Detailed Narrative
Q3 FY26 Financial Performance Overview
KNR Constructions reported a consolidated revenue of INR 743 crores for Q3 FY26, with an EBITDA of INR 167 crores, resulting in an EBITDA margin of 22.4%. The consolidated net profit for the quarter stood at INR 104 crores. For the nine months of FY26, consolidated revenue reached INR 2,002 crores, with an EBITDA of INR 542 crores and a margin of 27.1%, leading to a net profit of INR 332 crores. Standalone performance for Q3 FY26 was lower, with revenue at INR 585 crores and EBITDA margin at 5.2%, primarily due to projects nearing completion and additional costs in one viaduct construction.
Order Book and Inflow Outlook
As of December 31, 2025, the company's total order book stood at INR 8,849 crores, with mining projects accounting for 40%, roads 29%, irrigation 19%, and pipeline 12%. Management aims for an order inflow of approximately INR 10,000-INR 12,000 crores by September 2027, with a mix of NHAI, irrigation, and state government projects. The existing order book, excluding mining, is expected to be executed over approximately two years, with an estimated INR 2,000 crores in civil work revenue for FY27.
HAM Project Progress and Equity Infusion
The physical progress on key HAM projects as of December 31, 2025, includes Ramanattukara to Valanchery at 99.4% and Valanchery to Kappirikkad at 98.3%. The company has invested INR 727 crores out of the revised INR 962 crores equity required for all HAM projects, with an additional INR 235 crores to be infused (INR 87 crores in FY26 and INR 148 crores in FY27). Karnataka HAM projects (Package 4 & 5) are expected to contribute around INR 500 crores in revenue for FY27, despite ongoing land acquisition issues.
Asset Monetization and Debt Reduction
KNR Constructions executed a Share Purchase Agreement with Indus Infra Trust for the sale of its 100% shareholding in four SPVs, expecting total proceeds of INR 1,543 crores. Post-completion of this divestment program, the consolidated debt is projected to reduce to around INR 500 crores by March. As of December 31, 2025, consolidated debt was INR 2,443 crores, an increase from INR 1,847 crores as of March 2025, with a net debt to equity ratio of 0.5 times.
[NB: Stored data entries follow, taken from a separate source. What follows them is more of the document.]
Definition etens (x : A) (m : int) : tens A := [fsfun k in [fset m]%fset => x].
Definition tzero : tens A := [fsfun k in fset0 => (0 : A)].
Definition tadd (F G : tens A) : tens A :=
  [fsfun k in (finsupp F `|` finsupp G)%fset => F k + G k].
Definition tscale (c : C) (F : tens A) : tens A :=
  [fsfun k in finsupp F => c *: F k].
Definition tone : tens A := etens 1 0.
(* (x (x) h) (y (x) k) = x y (x) h k *)
Definition tmul (F G : tens A) : tens A :=
  [fsfun k in [fset (i + j)%R | i in finsupp F, j in finsupp G]%fset =>
     \sum_(i <- finsupp F) \sum_(j <- finsupp G | (i + j)%R == k) F i * G j].
(* (x (x) u^m)^* = x^* (x) u^-m *)
Definition tstar (F : tens A) : tens A :=
  [fsfun k in [fset (- i)%R | i in finsupp F]%fset => s (F (- k))].
Definition tsum (I : Type) (r : seq I) (F : I -> tens A) : tens A :=
  \big[tadd/tzero]_(i <- r) F i.
End Tensor.

Definition is_coaction (A : algType C) (s : A -> A) (a b : A)
  (delta : A -> tens A) : Prop :=
  [/\ forall x y, delta (x + y) = tadd (delta x) (delta y),
      forall (c : C) x, delta (c *: x) = tscale c (delta x),
      forall x y, delta (x * y) = tmul (delta x) (delta y),
      delta 1 = tone A &
      forall x, delta (s x) = tstar s (delta x)] /\
  delta a = etens a 1 /\ delta b = etens b 1.

Definition is_universal_S3 (p q th : R) (A : algType C) (s : A -> A) (a b : A)
  : Prop :=
  [/\ is_star s, S3_rel p q th s a b &
      forall (B : algType C) (sB : B -> B) (a' b' : B),
        is_star sB -> S3_rel p q th sB a' b' ->
        (exists f : A -> B, is_star_morph s sB f /\ f a = a' /\ f b = b') /\
        (forall f g : A -> B, is_star_morph s sB f -> is_star_morph s sB g ->
           f a = g a -> f b = g b -> f =1 g)].

Section Maps.
Variables (A : algType C) (s : A -> A) (delta : A -> tens A) (N : nat).

(* U(1)-action: alpha_lambda(x) = x_(0) x_(1)(lambda) *)
Definition alpha (l : C) (x : A) : A :=
  \sum_(n <- finsupp (delta x)) (l ^ n) *: delta x n.

(* Z/NZ-action on A (x) O(U(1)): x (x) h |-> alpha_zeta x (x) h( . zeta^-1),
   and (u^m)(z zeta^-1) = zeta^-m z^m. *)
Definition zeta (k : nat) : C := expi (2 * pi * k%:R / N%:R).
Definition talpha (z : C) (F : tens A) : tens A :=
  [fsfun m in finsupp F => (z ^ (- m)) *: alpha z (F m)].
Definition fixed (F : tens A) : Prop :=
  forall k : 'I_N, talpha (zeta k) F = F.

(* id (x) psi, psi(u^m) = u^(N m) *)
Definition tpsi (F : tens A) : tens A :=
  [fsfun k in [fset ((N%:Z) * m)%R | m in finsupp F]%fset =>
     F ((k %/ N%:Z)%Z)].
Definition phi (F : tens A) : tens A :=
  tsum (finsupp F) (fun m => tmul (delta (F m)) (tpsi (etens 1 m))).
(* sum x_(0) (x) S(x_(1)) h, before applying psi^-1; S(u^n) = u^-n *)
Definition phi_pre (F : tens A) : tens A :=
  tsum (finsupp F) (fun m =>
    tsum (finsupp (delta (F m))) (fun n => etens (delta (F m) n) (m - n)%R)).
(* id (x) psi^-1 on A (x) psi(O(U(1))): coefficient of u^k is that of u^(N k) *)
Definition tpsi_inv (G : tens A) : tens A :=
  [fsfun k in [fset ((m %/ N%:Z)%Z) | m in finsupp G]%fset => G ((N%:Z) * k)%R].
Definition phi_inv (F : tens A) : tens A := tpsi_inv (phi_pre F).

Definition is_tmorph (P : tens A -> Prop) (f : tens A -> tens A) : Prop :=
  [/\ forall F G, P F -> P G -> f (tadd F G) = tadd (f F) (f G),
      forall (c : C) F, P F -> f (tscale c F) = tscale c (f F),
      forall F G, P F -> P G -> f (tmul F G) = tmul (f F) (f G),
      f (tone A) = tone A &
      forall F, P F -> f (tstar s F) = tstar s (f F)].
End Maps.
End Defs.

(* The coaction makes O(S^3_{pq theta}) a Z-graded *-algebra: the elements that
   are the sum of their homogeneous components x_(0) x_(1)(n) form a
   *-subalgebra containing a and b, hence everything by universality.  So every
   tensor is a finite sum of elementary tensors x (x) u^m with x homogeneous of
   some degree n.  On these, phi (x (x) u^m) = x (x) u^(n + N m); the generator
   e^(2 pi i/N) of Z/NZ multiplies x (x) u^m by e^(2 pi i (n - m)/N), so the
   fixed tensors are the sums of those with N | m - n, and
   phi^-1 (x (x) u^m) = x (x) u^((m - n)/N).  Every claim then reduces to an
   identity between exponents. *)

From HB Require Import structures.
From mathcomp Require Import all_boot all_order all_algebra.
From mathcomp Require Import finmap complex reals trigo boolp classical_sets.
From mathcomp Require Import ring lra.
Import Order.TTheory GRing.Theory Num.Theory.
Local Open Scope ring_scope.
Set Implicit Arguments. Unset Strict Implicit. Unset Printing Implicit Defensive.

Section FinitelySupportedSums.
Variable V : zmodType.
Implicit Types (f g : int -> V) (r : seq int).

Definition supported_on f r := forall i, i \notin r -> f i = 0.

Lemma supported_on_sub f r r' : supported_on f r -> {subset r <= r'} -> supported_on f r'.
Proof. by move=> fr rr' i ir'; apply: fr; apply: contra ir'; apply: rr'. Qed.

Lemma supported_on_catl f r r' : supported_on f r -> supported_on f (r ++ r').
Proof. by move=> fr; apply: supported_on_sub fr _ => i; rewrite mem_cat => ->. Qed.

Lemma supported_on_catr f r r' : supported_on f r' -> supported_on f (r ++ r').
Proof. by move=> fr; apply: supported_on_sub fr _ => i; rewrite mem_cat orbC => ->. Qed.

Lemma big_undup_supported f r r' : supported_on f r -> {subset r <= r'} ->
  \sum_(i <- undup r') f i = \sum_(i <- undup r) f i.
Proof.
move=> fr rr'.
rewrite (bigID (mem r)) /= [X in _ + X]big1 ?addr0; last by move=> i /fr.
rewrite -big_filter; apply/perm_big/uniq_perm; rewrite ?filter_uniq ?undup_uniq //.
by move=> i; rewrite mem_filter !mem_undup; apply/andP/idP => [[]//|ir]; split; rewrite ?rr'.
Qed.

(* Junk value [0] when the support of [f] is infinite. *)
Definition isum f : V := \sum_(i <- undup (xget [::] (supported_on f))) f i.

Lemma isumE f r : supported_on f r -> isum f = \sum_(i <- undup r) f i.
Proof.
move=> fr; rewrite /isum; have fr' := xgetI [::] fr.
set r' := xget _ _ in fr' *.
have sub_l : {subset r' <= r' ++ r} by move=> i ir; rewrite mem_cat ir.
have sub_r : {subset r <= r' ++ r} by move=> i ir; rewrite mem_cat ir orbT.
by rewrite -(big_undup_supported fr' sub_l) (big_undup_supported fr sub_r).
Qed.

Lemma isumE_uniq f r : supported_on f r -> uniq r -> isum f = \sum_(i <- r) f i.
Proof. by move=> fr ur; rewrite (isumE fr) undup_id. Qed.

Lemma eq_isum f g : f =1 g -> isum f = isum g.
Proof. by move=> /funext ->. Qed.

Lemma isum0 : isum (fun=> 0) = 0.
Proof. by rewrite (@isumE _ [::]) ?big_nil. Qed.

Lemma isumD f g rf rg : supported_on f rf -> supported_on g rg ->
  isum (fun i => f i + g i) = isum f + isum g.
Proof.
move=> /(supported_on_catl (r' := rg)) frg /(supported_on_catr (r := rf)) grg.
rewrite (isumE frg) (isumE grg) -big_split /=; apply: isumE => i ir.
by rewrite frg ?grg ?addr0.
Qed.

Lemma isum1 f c : (forall i, i != c -> f i = 0) -> isum f = f c.
Proof. by move=> fc; rewrite (@isumE _ [:: c]) ?big_seq1 // => i; rewrite inE; apply: fc. Qed.

Lemma isum_reindex f (h h' : int -> int) r : cancel h h' -> cancel h' h ->
  supported_on f r -> isum (fun i => f (h i)) = isum f.
Proof.
move=> hK h'K fr; rewrite (isumE fr) (@isumE _ [seq h' i | i <- r]).
  rewrite undup_map_inj ?big_map; last exact: can_inj h'K.
  by apply: eq_bigr => i _ /=; rewrite h'K.
by move=> i ir; apply: fr; apply: contra ir => ir; apply/mapP; exists (h i); rewrite ?hK.
Qed.

Lemma exchange_isum (g : int -> int -> V) r1 r2 :
  (forall i j, i \notin r1 -> g i j = 0) -> (forall i j, j \notin r2 -> g i j = 0) ->
  isum (fun i => isum (g i)) = isum (fun j => isum (g^~ j)).
Proof.
move=> g1 g2.
rewrite (eq_isum (g := fun i => \sum_(j <- undup r2) g i j)); last first.
  by move=> i; apply: isumE => j; apply: g2.
rewrite (eq_isum (f := fun j => isum (g^~ j))
                 (g := fun j => \sum_(i <- undup r1) g i j)); last first.
  by move=> j; apply: isumE => i; apply: g1.
rewrite (@isumE _ r1); last by move=> i ir; rewrite big1 // => j _; apply: g1.
rewrite (@isumE _ r2); first exact: exchange_big.
by move=> j jr; rewrite big1 // => i _; apply: g2.
Qed.

End FinitelySupportedSums.

Lemma isum_morph (V W : zmodType) (L : V -> W) f r : {morph L : x y / x + y} ->
  supported_on f r -> isum (fun i => L (f i)) = L (isum f).
Proof.
move=> LD fr; have L0 : L 0 = 0 by apply: (@addrI _ (L 0)); rewrite -LD !addr0.
by rewrite (isumE fr) (@isumE _ _ r) ?(big_morph L LD L0) // => i /fr /= ->.
Qed.

Section Tensors.
Variables (R : realType) (A : algType R[i]).
Local Notation T := (tens A).
Implicit Types (F G H : T) (x y : A).

Lemma tensP F G : F =1 G -> F = G.
Proof. by move/fsfunP. Qed.

Lemma tens_dflt F k : k \notin finsupp F -> F k = 0.
Proof. exact: fsfun_dflt. Qed.

Lemma tens_supported F : supported_on F (finsupp F).
Proof. exact: tens_dflt. Qed.

Lemma etensE x m k : etens x m k = if k == m then x else 0.
Proof. by rewrite fsfunE inE. Qed.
Kaleshwaram Project Receivables
The company has significant outstanding receivables from the Telangana Government for Kaleshwaram Package 4, totaling around INR 677 crores in certified bills and an additional INR 650 crores unbilled, making a total of INR 1,430 crores. Management is actively pursuing collection through both government discussions and a court case, with hopes for partial payment by March. This substantial receivable amount impacts the company's working capital, which improved to 82 days as of December 31, 2025, from 93 days in March 2025.
Bidding Strategy and Margin Outlook
Due to aggressive competition in the market, particularly for NHAI projects, management indicated a willingness to dilute EBITDA margins by 2-3% for certain projects to secure new orders. For FY27, the company expects EBITDA margins to be in the range of 9-10%, a reduction from the 9M FY26 consolidated margin of 27.1%. However, management aims for a sustainable EBITDA margin of around 13% from FY28 onwards, once new projects are fully operational and execution stabilizes.
Project Delays and Challenges
Several projects face delays, including the mining project due to forest clearance issues, which is now expected to start in Q2 or Q3 FY27. Irrigation projects like Paleru Canal and Sitarama Lift are also delayed due to land acquisition problems, with a potential start in Q1 FY27. The Bangalore-Vijayawada Highway package is expected to close by April, while the Mir Alam Bridge and other new EPC projects (INR 319 crores contract value) are targeted for completion by FY28, despite initial design changes and tree cutting problems.